### Exercise objective
Pick out every line in the data below that holds "mathcal".

━━━━━ Data records ━━━━━

(* Let $\mathcal{X}\subseteq\mathbb{R}^n$ be compact. Then $\mathcal{X}$ is standard comonotone if and only if its convex hull $\operatorname{conv}(\mathcal{X})$ is standard comonotone.
   Context: $\Pi_n$ is the set of permutations of $[n]$; for $\pi\in\Pi_n$, $\mathcal{Z}(\pi)=\{x\in\mathbb{R}^n: x_{\pi(1)}\ge\cdots\ge x_{\pi(n)}\}$. A set $\mathcal{X}\subseteq\mathbb{R}^n$ is standard comonotone if for every $\pi\in\Pi_n$ and every $v\in\mathcal{Z}(\pi)$, whenever $\max_{x\in\mathcal{X}}v^\top x$ attains its optimum, it has an optimal solution in $\mathcal{Z}(\pi)$. *)

(* R^n is 'rV[R]_n for R : realType,
   with the product (matrix) topology of mathcomp-analysis. *)
From HB Require Import structures.
From mathcomp Require Import all_boot all_order all_algebra all_fingroup.
From mathcomp Require Import all_classical all_reals all_analysis.
Set Implicit Arguments. Unset Strict Implicit. Unset Printing Implicit Defensive.
Import Order.TTheory GRing.Theory Num.Theory.
Import numFieldNormedType.Exports.
Local Open Scope classical_set_scope.
Local Open Scope ring_scope.

Definition dotv (R : realType) (n : nat) (v x : 'rV[R]_n) : R :=
  \sum_(i < n) v ord0 i * x ord0 i.

(* Z(pi) = { x : x_{pi(1)} >= ... >= x_{pi(n)} } (0-based indices) *)
Definition Zcone (R : realType) (n : nat) (pi : 'S_n) : set 'rV[R]_n :=
  [set x | forall i j : 'I_n, (i <= j)%N -> x ord0 (pi j) <= x ord0 (pi i)].

Definition is_argmax (R : realType) (n : nat) (X : set 'rV[R]_n) (v x0 : 'rV[R]_n) :=
  X x0 /\ forall x, X x -> dotv v x <= dotv v x0.

Definition standard_comonotone (R : realType) (n : nat) (X : set 'rV[R]_n) :=
  forall (pi : 'S_n) (v : 'rV[R]_n), Zcone pi v ->
    (exists x0, is_argmax X v x0) ->
    exists2 x0, is_argmax X v x0 & Zcone pi x0.

Definition conv_hull (R : realType) (n : nat) (X : set 'rV[R]_n) : set 'rV[R]_n :=
  [set x | exists (k : nat) (p : 'I_k -> 'rV[R]_n) (w : 'I_k -> R),
     [/\ forall i, X (p i), forall i, 0 <= w i, \sum_(i < k) w i = 1
       & x = \sum_(i < k) w i *: p i]].

From HB Require Import structures.
From mathcomp Require Import all_boot all_order all_algebra all_fingroup.
From mathcomp Require Import all_classical all_reals all_analysis.
From mathcomp Require Import ring lra.
Set Implicit Arguments. Unset Strict Implicit. Unset Printing Implicit Defensive.
Import Order.TTheory GRing.Theory Num.Theory.
Import numFieldNormedType.Exports.
Local Open Scope classical_set_scope.
Local Open Scope ring_scope.

(** Maximising a linear function over conv X gives the same value as over X,
and an optimum of X is an optimum of conv X; this yields one direction.
Conversely, let x0 maximise v in Zcone pi over the compact set X. For t >= 0
let q be a point of X farthest from a := -(s u + t v), where u is a strictly
decreasing "staircase" along pi and s bounds the coordinate spread of X. Then
d := q - a = (q + s u) + t v lies in Zcone pi and exposes q: every x in X
satisfies |x - q|^2 <= 2 d.(q - x), so q is the unique maximiser of d over
conv X, and comonotonicity of conv X forces q into Zcone pi. Comparing d.q
with d.x0 gives t (v.x0 - v.q) <= C for a constant C independent of t, so the
maximum of v over the compact set X ∩ Zcone pi is at least v.x0. *)

Lemma le0_of_mul_ubound (R : realFieldType) (g C : R) :
  (forall t, 0 <= t -> t * g <= C) -> g <= 0.
Proof.
move=> ub; rewrite leNgt; apply/negP => g0.
have t0 : 0 <= (`|C| + 1) / g by rewrite divr_ge0 // ltW.
have := ub _ t0; rewrite mulfVK ?gt_eqF //.
have := ler_norm C; lra.
Qed.

Section dotv.
Variables (R : realType) (n : nat).
Implicit Types (x y v w : 'rV[R]_n).

Lemma dotvDl v w x : dotv (v + w) x = dotv v x + dotv w x.
Proof.
by rewrite /dotv -big_split; apply: eq_bigr => j _; rewrite mxE mulrDl.
Qed.

Lemma dotvZl (t : R) v x : dotv (t *: v) x = t * dotv v x.
Proof.
by rewrite /dotv mulr_sumr; apply: eq_bigr => j _; rewrite mxE mulrA.
Qed.

Lemma dotvBr v x y : dotv v (x - y) = dotv v x - dotv v y.
Proof. by rewrite /dotv -sumrB; apply: eq_bigr => j _; rewrite !mxE mulrBr. Qed.

Lemma dotv_sumZr k (w : 'I_k -> R) (p : 'I_k -> 'rV[R]_n) v :
  dotv v (\sum_(i < k) w i *: p i) = \sum_(i < k) w i * dotv v (p i).
Proof.
rewrite /dotv; under eq_bigr => j _ do rewrite summxE mulr_sumr.
rewrite exchange_big /=; apply: eq_bigr => i _; rewrite mulr_sumr.
by apply: eq_bigr => j _; rewrite mxE mulrCA.
Qed.

Lemma dotv_ge0 x : 0 <= dotv x x.
Proof. by apply: sumr_ge0 => i _; rewrite -expr2 sqr_ge0. Qed.

Lemma dotv_eq0 x : dotv x x = 0 -> x = 0.
Proof.
move=> /eqP; rewrite psumr_eq0; last by move=> i _; rewrite -expr2 sqr_ge0.
move=> /allP x0; apply/matrixP => i j; rewrite ord1 mxE.
by have := x0 j (mem_index_enum _); rewrite -expr2 sqrf_eq0 => /eqP.
Qed.

Lemma dotv_subr_expand x q a :
  dotv (x - a) (x - a) =
  dotv (q - a) (q - a) - 2 * (dotv (q - a) q - dotv (q - a) x)
    + dotv (x - q) (x - q).
Proof.
rewrite /dotv -sumrB mulr_sumr -sumrB -big_split /=.
by apply: eq_bigr => j _; rewrite !mxE; ring.
Qed.

Lemma continuous_dotv (T : topologicalType) (f g : T -> 'rV[R]_n) :
  continuous f -> continuous g -> continuous (fun z => dotv (f z) (g z)).
Proof.
move=> fc gc; rewrite /dotv.
apply: (@continuous_big R _ +%R 0 xpredT add_continuous) => j _ z.
have coord (h : T -> 'rV[R]_n) :
    continuous h -> {for z, continuous (fun z => h z ord0 j)}.
  move=> hc.
  exact: (continuous_comp (hc z) (@coord_continuous R 1 n ord0 j (h z))).
have := continuousM (coord f fc) (coord g gc); exact.
Qed.

End dotv.

Section Zcone.
Variables (R : realType) (n : nat) (pi : 'S_n).

Lemma closed_Zcone : closed (@Zcone R n pi).
Proof.
have -> : @Zcone R n pi =
    \bigcap_(ij in [set ij : 'I_n * 'I_n | (ij.1 <= ij.2)%N])
      ((fun x => x ord0 (pi ij.2) - x ord0 (pi ij.1)) @^-1` [set r | r <= 0]).
  apply/seteqP; split => x /=.
    by move=> Zx [i j] /= ij; rewrite subr_le0; apply: Zx.
  by move=> Zx i j ij; have := Zx (i, j) ij; rewrite /= subr_le0.
apply: closed_bigI => ij _.
apply: preimage_closed; last exact: closed_le.
move=> x _; exact: (cvgB (@coord_continuous R 1 n ord0 (pi ij.2) x)
                          (@coord_continuous R 1 n ord0 (pi ij.1) x)).
Qed.

Lemma ZconeD x y : Zcone pi x -> Zcone pi y -> @Zcone R n pi (x + y).
Proof. by move=> Zx Zy i j ij; rewrite !mxE lerD ?Zx ?Zy. Qed.

Lemma ZconeZ (t : R) x : 0 <= t -> Zcone pi x -> Zcone pi (t *: x).
Proof. by move=> t0 Zx i j ij; rewrite !mxE ler_wpM2l ?Zx. Qed.

Definition stair : 'rV[R]_n := \row_k - ((pi^-1)%g k)%:R.

Lemma Zcone_addZ_stair (q : 'rV[R]_n) (s : R) :
  (forall a b, q ord0 a - q ord0 b <= s) -> Zcone pi (q + s *: stair).
Proof.
move=> spread i j; rewrite leq_eqVlt => /orP [/eqP/val_inj -> // | ij].
rewrite !mxE !permK.
have s0 : 0 <= s by have := spread (pi i) (pi i); rewrite subrr.
have ji : 0 <= j%:R - i%:R - 1 :> R.
  by rewrite subr_ge0 lerBrDr addrC natr1 ler_nat.
have := mulr_ge0 s0 ji; have := spread (pi j) (pi i); nra.
Qed.

End Zcone.

Section conv_hull.
Variables (R : realType) (n : nat) (X : set 'rV[R]_n).
Implicit Types (x y v d q : 'rV[R]_n).

Lemma sub_conv_hull : X `<=` conv_hull X.
Proof.
move=> x Xx; exists 1%N, (fun=> x), (fun=> 1); split => //.
  by rewrite big_ord1.
by rewrite big_ord1 scale1r.
Qed.

Lemma conv_hull_dotv_le v c y :
  (forall x, X x -> dotv v x <= c) -> conv_hull X y -> dotv v y <= c.
Proof.
move=> ub [k [p [w [Xp w0 w1 ->]]]]; rewrite dotv_sumZr.
apply: (@le_trans _ _ (\sum_(i < k) w i * c)).
  by apply: ler_sum => i _; apply: ler_wpM2l => //; apply: ub.
by rewrite -mulr_suml w1 mul1r.
Qed.

Lemma conv_hull_dotv_ge v y :
  conv_hull X y -> exists2 x, X x & dotv v y <= dotv v x.
Proof.
move=> [[|k] [p [w [Xp w0 w1 ->]]]].
  by move: w1; rewrite big_ord0 => /eqP; rewrite eq_sym oner_eq0.
have [i0 _ i0max] :=
  Order.TotalTheory.arg_maxP (fun i => dotv v (p i)) (isT : xpredT ord0).
exists (p i0) => //; rewrite dotv_sumZr.
apply: (@le_trans _ _ (\sum_(i < k.+1) w i * dotv v (p i0))).
  by apply: ler_sum => i _; apply: ler_wpM2l => //; apply: i0max.
by rewrite -mulr_suml w1 mul1r.
Qed.

Lemma standard_comonotone_conv_hull :
  standard_comonotone X -> standard_comonotone (conv_hull X).
Proof.
move=> SC pi v Zv [y0 [Cy0 y0max]].
have [x Xx y0x] := conv_hull_dotv_ge v Cy0.
have [|x1 [Xx1 x1max] Zx1] := SC pi v Zv.
  exists x; split => // x' Xx'.
  by apply: le_trans y0x; apply/y0max/sub_conv_hull.
exists x1 => //; split; first exact: sub_conv_hull.
by move=> y; apply: conv_hull_dotv_le.
Qed.

Lemma conv_hull_exposed_eq d q y :
  (forall x, X x -> dotv (x - q) (x - q) <= 2 * (dotv d q - dotv d x)) ->
  conv_hull X y -> dotv d q <= dotv d y -> y = q.
Proof.
move=> exposed [k [p [w [Xp w0 w1 yE]]]] dqy.
have dp i : 0 <= dotv d q - dotv d (p i).
  by have := exposed _ (Xp i); have := dotv_ge0 (p i - q); lra.
pose e i := w i * (dotv d q - dotv d (p i)).
have e_sum : \sum_(i < k) e i = dotv d q - dotv d y.
  rewrite yE dotv_sumZr -[dotv d q]mul1r -w1 mulr_suml -sumrB.
  by apply: eq_bigr => i _; rewrite /e mulrBr.
have e0 i : e i = 0.
  have e_ge0 j : 0 <= e j := mulr_ge0 (w0 j) (dp j).
  have : \sum_(j < k) e j == 0.
    by rewrite eq_le {1}e_sum subr_le0 dqy; apply: sumr_ge0 => j _.
  by rewrite psumr_eq0 // => /allP/(_ i (mem_index_enum _))/eqP.
have wpq i : w i *: (p i - q) = 0.
  have le0 : w i * dotv (p i - q) (p i - q) <= 0.
    by rewrite -(mulr0 2) -(e0 i) /e mulrCA ler_wpM2l ?exposed.
  have : w i * dotv (p i - q) (p i - q) == 0.
    by rewrite eq_le le0 mulr_ge0 ?dotv_ge0.
  rewrite mulf_eq0 => /orP [/eqP -> | /eqP/dotv_eq0 ->].
    by rewrite scale0r.
  by rewrite scaler0.
apply/eqP; rewrite -subr_eq0 yE -[q]scale1r -w1 scaler_suml -sumrB.
by apply/eqP/big1 => i _; rewrite -scalerBr.
Qed.

Lemma farthest_point_exposed a q :
  (forall x, X x -> dotv (x - a) (x - a) <= dotv (q - a) (q - a)) ->
  forall x, X x ->
    dotv (x - q) (x - q) <= 2 * (dotv (q - a) q - dotv (q - a) x).
Proof. by move=> far x /far; rewrite (dotv_subr_expand x q a); lra. Qed.

Lemma exposed_point_Zcone pi d q :
  standard_comonotone (conv_hull X) -> Zcone pi d -> X q ->
  (forall x, X x -> dotv (x - q) (x - q) <= 2 * (dotv d q - dotv d x)) ->
  Zcone pi q.
Proof.
move=> SC Zd Xq exposed.
have dmax x : X x -> dotv d x <= dotv d q.
  by move=> /exposed; have := dotv_ge0 (x - q); lra.
have [|y [Cy ymax] Zy] := SC pi d Zd.
  exists q; split; first exact: sub_conv_hull.
  by move=> y; exact: conv_hull_dotv_le.
by rewrite -(conv_hull_exposed_eq exposed Cy (ymax q (sub_conv_hull Xq))).
Qed.

End conv_hull.

Lemma entry_le_mx_norm (K : realDomainType) m n (x : 'M[K]_(m, n)) i j :
  `|x i j| <= `|x|.
Proof. by rewrite [`|x|]mx_normrE; exact: (le_bigmax _ _ (i, j)). Qed.

Section compact.
Variables (R : realType) (n : nat) (X : set 'rV[R]_n).
Hypothesis cX : compact X.

Lemma compact_spread :
  exists s, forall x, X x -> forall a b, x ord0 a - x ord0 b <= s.
Proof.
have [M [_ XM]] := compact_bounded cX.
exists (2 * (M + 1)) => x Xx a b.
have xM j : `|x ord0 j| <= M + 1.
  by apply: le_trans (entry_le_mx_norm x ord0 j) _; apply: XM Xx; rewrite ltrDl.
have := xM a; have := xM b; rewrite !ler_norml; lra.
Qed.

Lemma compact_argmax (f : 'rV[R]_n -> R) :
  X !=set0 -> continuous f -> exists2 m, X m & forall x, X x -> f x <= f m.
Proof.
move=> X0 fc.
have [m /set_mem Xm mmax] := EVT_max_rV X0 cX (continuous_subspaceT fc).
by exists m => // x Xx; apply/mmax/mem_set.
Qed.

End compact.

Section conv_hull_comonotone.
Variables (R : realType) (n : nat) (X : set 'rV[R]_n).
Hypotheses (cX : compact X) (SC : standard_comonotone (conv_hull X)).

Let continuous_addr (c : 'rV[R]_n) : continuous (fun x : 'rV[R]_n => x + c).
Proof. by move=> x; exact: (cvgD cvg_id (cvg_cst c)). Qed.

Lemma Zcone_approx_argmax pi v x0 : Zcone pi v -> X x0 ->
  exists C, forall t, 0 <= t ->
    exists2 q, (X `&` Zcone pi) q & t * (dotv v x0 - dotv v q) <= C.
Proof.
move=> Zv Xx0; have X0 : X !=set0 by exists x0.
have [s spread] := compact_spread cX.
pose u := s *: stair R pi.
have [xC _ Cmax] := compact_argmax cX X0
  (continuous_dotv (@continuous_addr u) (@continuous_addr (- x0))).
exists (dotv (xC + u) (xC - x0)) => t t0.
pose a := - (u + t *: v).
have [q Xq far] := compact_argmax cX X0
  (continuous_dotv (@continuous_addr (- a)) (@continuous_addr (- a))).
have exposed := farthest_point_exposed far.
have dE : q - a = q + u + t *: v by rewrite opprK addrA.
have Zq : Zcone pi q.
  apply: (exposed_point_Zcone SC _ Xq exposed).
  rewrite dE; apply: ZconeD; last exact: ZconeZ.
  exact: Zcone_addZ_stair (spread q Xq).
exists q => //.
have : dotv (q - a) x0 <= dotv (q - a) q.
  by have := exposed _ Xx0; have := dotv_ge0 (x0 - q); lra.
have := Cmax _ Xq; rewrite dE !dotvDl !dotvZl !dotvBr; lra.
Qed.

Lemma conv_hull_standard_comonotone : standard_comonotone X.
Proof.
move=> pi v Zv [x0 [Xx0 x0max]].
have [C approx] := Zcone_approx_argmax Zv Xx0.
have [q0 Kq0 _] := approx 0 (lexx 0).
have vc : continuous (fun x : 'rV[R]_n => dotv v x).
  apply: (@continuous_dotv _ _ _ (fun=> v) id); first exact: cst_continuous.
  by move=> x; exact: cvg_id.
have [m [Xm Zm] mmax] :=
  compact_argmax (compact_closedI cX (@closed_Zcone R n pi))
    (ex_intro _ q0 Kq0) vc.
have : dotv v x0 - dotv v m <= 0.
  apply: (@le0_of_mul_ubound _ _ C) => t t0.
  have [q Kq tq] := approx t t0.
  by apply: le_trans tq; rewrite ler_wpM2l // lerB // mmax.
by exists m => //; split => // x /x0max; lra.
Qed.

End conv_hull_comonotone.

Theorem proposition2 (R : realType) (n : nat) (X : set 'rV[R]_n) :
  compact X ->
  (standard_comonotone X <-> standard_comonotone (conv_hull X)).
Proof.
move=> cX; split; first exact: standard_comonotone_conv_hull.
exact: conv_hull_standard_comonotone.
Qed.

━━━━━

### Written answer
(* Let $\mathcal{X}\subseteq\mathbb{R}^n$ be compact. Then $\mathcal{X}$ is standard comonotone if and only if its convex hull $\operatorname{conv}(\mathcal{X})$ is standard comonotone.
   Context: $\Pi_n$ is the set of permutations of $[n]$; for $\pi\in\Pi_n$, $\mathcal{Z}(\pi)=\{x\in\mathbb{R}^n: x_{\pi(1)}\ge\cdots\ge x_{\pi(n)}\}$. A set $\mathcal{X}\subseteq\mathbb{R}^n$ is standard comonotone if for every $\pi\in\Pi_n$ and every $v\in\mathcal{Z}(\pi)$, whenever $\max_{x\in\mathcal{X}}v^\top x$ attains its optimum, it has an optimal solution in $\mathcal{Z}(\pi)$. *)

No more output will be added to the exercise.